- What you should do -
Only one stretch of the listing below is wanted. Give it again exactly, from the line with "have eIm : y" through the line with "have := hurwitz_sextic_lt0".

- Source records -
Lemma eigenvalue_jac_char l : jac_generic l -> eigenvalue A l = (jac_char l == 0).
Proof.
move=> gen; have res := jac_eigvec_residual gen.
have dn : (l - A 0 0) * (l - A 1 1) * (l - A 3 3) * (l - A 4 4) != 0.
  by case/and4P: gen => *; rewrite !mulf_neq0.
apply/eigenvalueP/idP => [[w wA w0] | /eqP char0].
  have ew := jac_eigvecP gen wA.
  have w2 : w 0 2 != 0 by apply: contraNneq w0 => w2; rewrite ew w2 scale0r.
  have : w 0 2 *: (jac_eigvec l *m A - l *: jac_eigvec l) = 0.
    by rewrite scalerBr scalemxAl -ew wA scalerA mulrC -scalerA -ew subrr.
  rewrite res scalerA => /rowP/(_ 2); rewrite !mxE /= mulr1 => /eqP.
  by rewrite mulf_eq0 (negPf w2) mulf_eq0 invr_eq0 (negPf dn) orbF oppr_eq0.
exists (jac_eigvec l).
  by apply/eqP; rewrite -subr_eq0 res char0 oppr0 mul0r scale0r.
by apply/eqP => /rowP/(_ 2); rewrite !mxE /= => /eqP; rewrite oner_eq0.
Qed.

End SparseEigen.

Definition quartic (F : ringType) (a b c d z : F) : F :=
  z ^+ 4 + a * z ^+ 3 + b * z ^+ 2 + c * z + d.

Lemma hurwitz_quartic_bound (F : realFieldType) (a b c d : F) :
  0 < a -> 0 < c -> c ^+ 2 + a ^+ 2 * d < a * b * c -> 4 * d < b ^+ 2 + a * c.
Proof.
move=> a0 c0 h.
have a3c : 0 < a ^+ 3 * c by rewrite mulr_gt0 ?exprn_gt0.
have sq : 0 <= (a * b - 2 * c) ^+ 2 by rewrite sqr_ge0.
rewrite -subr_gt0 -(pmulr_rgt0 _ (exprn_gt0 2 a0)).
nra.
Qed.

Lemma hurwitz_sextic_lt0 (F : realFieldType) (a b c d x : F) :
  0 < a -> 0 < b -> 0 < c -> c ^+ 2 + a ^+ 2 * d < a * b * c -> 0 <= x ->
  (4 * x ^+ 3 + 3 * a * x ^+ 2 + 2 * b * x + c) ^+ 2
  - (6 * x ^+ 2 + 3 * a * x + b) * (4 * x ^+ 3 + 3 * a * x ^+ 2 + 2 * b * x + c)
    * (4 * x + a)
  + quartic a b c d x * (4 * x + a) ^+ 2 < 0.
Proof.
move=> a0 b0 c0 hurwitz x0.
have k0 : 0 < b ^+ 2 + a * c - 4 * d by rewrite subr_gt0 (hurwitz_quartic_bound a0 c0).
have a0' := ltW a0; have b0' := ltW b0; have k0' := ltW k0.
have h1 : 0 <= a * (b ^+ 2 + a * c - 4 * d) * x by rewrite !mulr_ge0.
have h2 : 0 <= a ^+ 2 * b * x ^+ 2 by rewrite !mulr_ge0 ?exprn_ge0.
have h3 : 0 <= (b ^+ 2 + a * c - 4 * d) * x ^+ 2 by rewrite !mulr_ge0 ?exprn_ge0.
have h4 : 0 <= a * b * x ^+ 3 by rewrite !mulr_ge0 ?exprn_ge0.
have h5 : 0 <= a ^+ 3 * x ^+ 3 by rewrite !mulr_ge0 ?exprn_ge0.
have h6 : 0 <= b * x ^+ 4 by rewrite !mulr_ge0 ?exprn_ge0.
have h7 : 0 <= a ^+ 2 * x ^+ 4 by rewrite !mulr_ge0 ?exprn_ge0.
have h8 : 0 <= a * x ^+ 5 by rewrite !mulr_ge0 ?exprn_ge0.
have h9 : 0 <= x ^+ 6 by rewrite !mulr_ge0 ?exprn_ge0.
rewrite /quartic; lra.
Qed.

Lemma quartic_gt0 (F : realFieldType) (a b c d x : F) :
  0 < a -> 0 < b -> 0 < c -> 0 < d -> 0 <= x -> 0 < quartic a b c d x.
Proof.
move=> a0 b0 c0 d0 x0; rewrite /quartic.
have : 0 <= x ^+ 2 by rewrite exprn_ge0.
have : 0 <= x ^+ 3 by rewrite exprn_ge0.
have : 0 <= x ^+ 4 by rewrite exprn_ge0.
nra.
Qed.

Lemma quartic0 (F : ringType) (a b c d : F) : quartic a b c d 0 = d.
Proof. by rewrite /quartic !expr0n /= !mulr0 !add0r. Qed.

Lemma quartic_pos_root (F : rcfType) (a b c d u : F) :
  0 <= u -> d < 0 -> 0 <= quartic a b c d u ->
  exists2 t, 0 < t & quartic a b c d t = 0.
Proof.
move=> u0 d0 qu.
pose q : {poly F} := 'X^4 + a%:P * 'X^3 + b%:P * 'X^2 + c%:P * 'X + d%:P.
have qE t : q.[t] = quartic a b c d t by rewrite /q /quartic !hornerE.
have : q.[0] <= 0 <= q.[u] by rewrite !qE quartic0 qu andbT ltW.
case/(poly_ivt u0) => t /andP[t0 _] /eqP; rewrite qE => qt.
exists t => //; rewrite lt_neqAle t0 andbT.
by apply: contra_eq_neq qt => <-; rewrite quartic0 lt_eqF.
Qed.

(* For z = x + iy with x >= 0, the imaginary part gives y = 0 or y^2 = N / M, and
   then the real part makes the negative sextic of hurwitz_sextic_lt0 vanish. *)
Lemma hurwitz_quartic_Re_lt0 (F : rcfType) (a b c d : F) (z : F[i]) :
  0 < a -> 0 < b -> 0 < c -> 0 < d -> c ^+ 2 + a ^+ 2 * d < a * b * c ->
  quartic (a%:C)%C (b%:C)%C (c%:C)%C (d%:C)%C z = 0 -> complex.Re z < 0.
Proof.
case: z => x y a0 b0 c0 d0 hurwitz.
rewrite /quartic; move/eqP; rewrite eq_complex /= => /andP[/eqP hre /eqP him].
rewrite ltNge; apply/negP => x0.
set Y := y ^+ 2.
set N := 4 * x ^+ 3 + 3 * a * x ^+ 2 + 2 * b * x + c.
set M := 4 * x + a.
set T := 6 * x ^+ 2 + 3 * a * x + b.
have eRe : Y ^+ 2 - T * Y + quartic a b c d x = 0 by rewrite -hre /Y /T /quartic; ring.
have eIm : y * (N - M * Y) = 0 by rewrite -him /Y /N /M; ring.
have [y0|y0] := eqVneq y 0.
  move: eRe; rewrite /Y y0 expr0n /= mulr0 subr0 expr0n add0r => /eqP.
  by rewrite gt_eqF // quartic_gt0.
have NMY : N = M * Y.
  by apply/eqP; rewrite -subr_eq0; move/eqP: eIm; rewrite mulf_eq0 (negPf y0).
have := hurwitz_sextic_lt0 a0 b0 c0 hurwitz x0; rewrite -/N -/M -/T.
have -> : N ^+ 2 - T * N * M + quartic a b c d x * M ^+ 2
          = M ^+ 2 * (Y ^+ 2 - T * Y + quartic a b c d x) by rewrite NMY; ring.
by rewrite eRe mulr0 ltxx.
Qed.

(* Arithmetic on R elaborates partly to the Stdlib operations, convertible to but
   syntactically distinct from the MathComp ones: RstdE rewrites into MathComp form
   for ring/field/lra, stdlib_arith back for Stdlib's Lra, whose IZR numerals are
   binary (MathComp numerals n%:R are unary). *)
Definition RstdE := (RplusE, RminusE, RmultE, RoppE, RinvE, RdivE, RpowE, R0E, R1E).

Ltac stdlib_arith := rewrite -?RplusE -?RoppE -?RmultE -?RinvE -?RpowE -?R0E -?R1E.

Ltac positivity := repeat first
  [assumption | apply: divr_gt0 | apply: mulr_gt0 | apply: addr_gt0 | apply: exprn_gt0].

Section EndemicEquilibria.
Variable p : params.
Local Notation Lambda := (pLambda p). Local Notation beta := (pbeta p).
Local Notation D := (pD p). Local Notation mu := (pmu p).
Local Notation psi := (ppsi p). Local Notation w := (pw p).
Local Notation sigma := (psigma p). Local Notation gamma := (pgamma p).
Local Notation eta := (peta p). Local Notation delta := (pdelta p).

Definition steady_state_of_B (B : R) : state :=
  let g := B / (B + D) in
  let I := delta * B / eta in
  let Rc := gamma * I / (mu + w) in
  let S := (Lambda + w * Rc) / (beta * g + mu + psi) in
  State S (psi * S / (sigma * beta * g + mu)) I Rc B.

- Answer to the problem -
have eIm : y * (N - M * Y) = 0 by rewrite -him /Y /N /M; ring.
have [y0|y0] := eqVneq y 0.
  move: eRe; rewrite /Y y0 expr0n /= mulr0 subr0 expr0n add0r => /eqP.
  by rewrite gt_eqF // quartic_gt0.
have NMY : N = M * Y.
  by apply/eqP; rewrite -subr_eq0; move/eqP: eIm; rewrite mulf_eq0 (negPf y0).
have := hurwitz_sextic_lt0 a0 b0 c0 hurwitz x0; rewrite -/N -/M -/T.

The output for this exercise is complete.